Quote from: Jason E LeighBlankshield:  I commented on your game, and I've read through the design stuff you've got so far.  It's an interesting conceit, and has the potential to lead to lots of good Story Now.  I see an element of Step On Up in the structure of the game, but that's not largely the point of the game, is it?  Did I miss something?

No, I did.  I was skimming this morning and missed your post clarifying that you were looking for gamist-type step-on-up and conflict.  You're right that it's all about the Story Now, and what little elements of Step On Up are present are meant to push the Story Now. (You are, if competing for resources at all, competing by telling a better story, not by 'beating' your opponent, by and large.)  Mea culpa.

thanks,

James
I write games. My games don't have much in common with each other, except that I wrote them.

http://www.blankshieldpress.com/

Vaxalon

Quote from: M. J. Young
I presume that a game in which the referee and character players are truly in adversarial positions must place limits on the referee power, or the event is fixed.

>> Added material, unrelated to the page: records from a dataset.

Lemma mem_porbit_one_n x y : y \in porbit (one_n n) x.
Proof.
have n_gt0 : 0 < n by have := ltn_ord x; lia.
have in_orbit0 z : z \in porbit (one_n n) (Ordinal n_gt0).
  apply: (mem_porbit_succ (m := n.-1)) => [w /andP[_ wn]|] /=; last by have := ltn_ord z; lia.
  by rewrite one_nE; case: eqP; lia.
suff /eqP -> : porbit (one_n n) x == porbit (one_n n) (Ordinal n_gt0) by [].
by rewrite eq_porbit_mem.
Qed.

Lemma card_porbits_one_n : 0 < n -> #|porbits (one_n n)| = 1.
Proof.
move=> n_gt0; pose x0 : 'I_n := Ordinal n_gt0.
suff -> : porbits (one_n n) = [set porbit (one_n n) x0] by rewrite cards1.
apply/setP => A; rewrite inE; apply/imsetP/eqP => [[x _ ->]|->]; last by exists x0.
by apply/eqP; rewrite eq_porbit_mem mem_porbit_one_n.
Qed.

Lemma ncycles_one_n_tperm a b : a != b -> ncycles (pcomp (one_n n) (tperm a b)) = 2.
Proof.
move=> ab; have := porbits_mul_tperm (one_n n) a b.
rewrite /= ab mem_porbit_one_n card_porbits_one_n; first by rewrite addn0.
by have := ltn_ord a; lia.
Qed.

End LongCycle.

Section Involution.
Variable n : nat.
Implicit Types (q : {perm 'I_n}) (a c x z : 'I_n).

Definition moved q : {set 'I_n} := [set x | q x != x].

Definition unpair q a : {perm 'I_n} := (q * tperm a (q a))%g.

Lemma moved_eq0 q : moved q = set0 -> q = 1%g.
Proof.
move=> m0; apply/permP => x; rewrite perm1.
by apply/eqP; have := in_set0 x; rewrite -m0 inE => /negbFE.
Qed.

Section Unpair.
Variable q : {perm 'I_n}.
Hypothesis qK : involutive q.

Lemma unpairE a x : unpair q a x = if (x == a) || (x == q a) then x else q x.
Proof.
rewrite permM; case: (eqVneq x a) => [->|xa]; first by rewrite tpermR.
case: (eqVneq x (q a)) => [->|xqa]; first by rewrite qK tpermL.
rewrite tpermD // eq_sym; first by apply: contra xqa => /eqP <-; rewrite qK.
by rewrite (inj_eq (@perm_inj _ q)).
Qed.

Lemma unpairK a : (unpair q a * tperm a (q a))%g = q.
Proof. by rewrite /unpair -mulgA tperm2 mulg1. Qed.

Lemma unpair_involutive a : involutive (unpair q a).
Proof.
move=> x; rewrite [unpair q a x]unpairE.
case: ifP => [/orP[/eqP-> | /eqP->]|]; rewrite unpairE ?eqxx ?orbT //.
move=> /norP[xa xqa]; rewrite qK (inj_eq (@perm_inj _ q)) (negbTE xa) orbF.
by case: eqP => // qxa; case/eqP: xqa; rewrite -qxa qK.
Qed.

Lemma moved_unpair a : moved (unpair q a) = moved q :\ a :\ q a.
Proof.
apply/setP => x; rewrite !inE unpairE.
case: (eqVneq x a) => [->|_]; first by rewrite eqxx /= andbF.
by case: (eqVneq x (q a)) => [->|_]; rewrite ?eqxx.
Qed.

Lemma card_moved_unpair a : a \in moved q -> #|moved q| = (#|moved (unpair q a)|).+2.
Proof.
move=> am; rewrite moved_unpair (cardsD1 a) am (cardsD1 (q a) (moved q :\ a)).
by move: am; rewrite !inE qK eq_sym => ->.
Qed.

End Unpair.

XCrawl does this.  The DM is given a limited set of resources in putting together his dungeon.
"In our game the other night, Joshua's character came in as an improvised thing, but he was crap so he only contributed a d4!"
                                     --Vincent Baker

Ben O'Neal

Hey Jason.

Scarlet Wake is built around an antagonistic relationship between players, who are split into two groups, called... wait for it... the Protagonists, and, you guessed it, the Antagonists. This effects everything in the game, from play structure to credibility distribution, and from resources to rules.

The Step On Up in Scarlet Wake is, I'm told, very explicit between Protagonists and Antagonists, which is good because that was my goal when creating it.

Character sheets are a little different. It's not like the "players" have character sheets for their characters, and the "GM" has a character sheet for their powers, more like everyone is a player with a sheet containing both their personal character and all their character's enemies (the "GMs" characters). The role of the GM rotates and is split up between players.

I'm doing a horrible job of summarising SW in typical game terms... but if you read it (it's not all that long), you'll get the idea.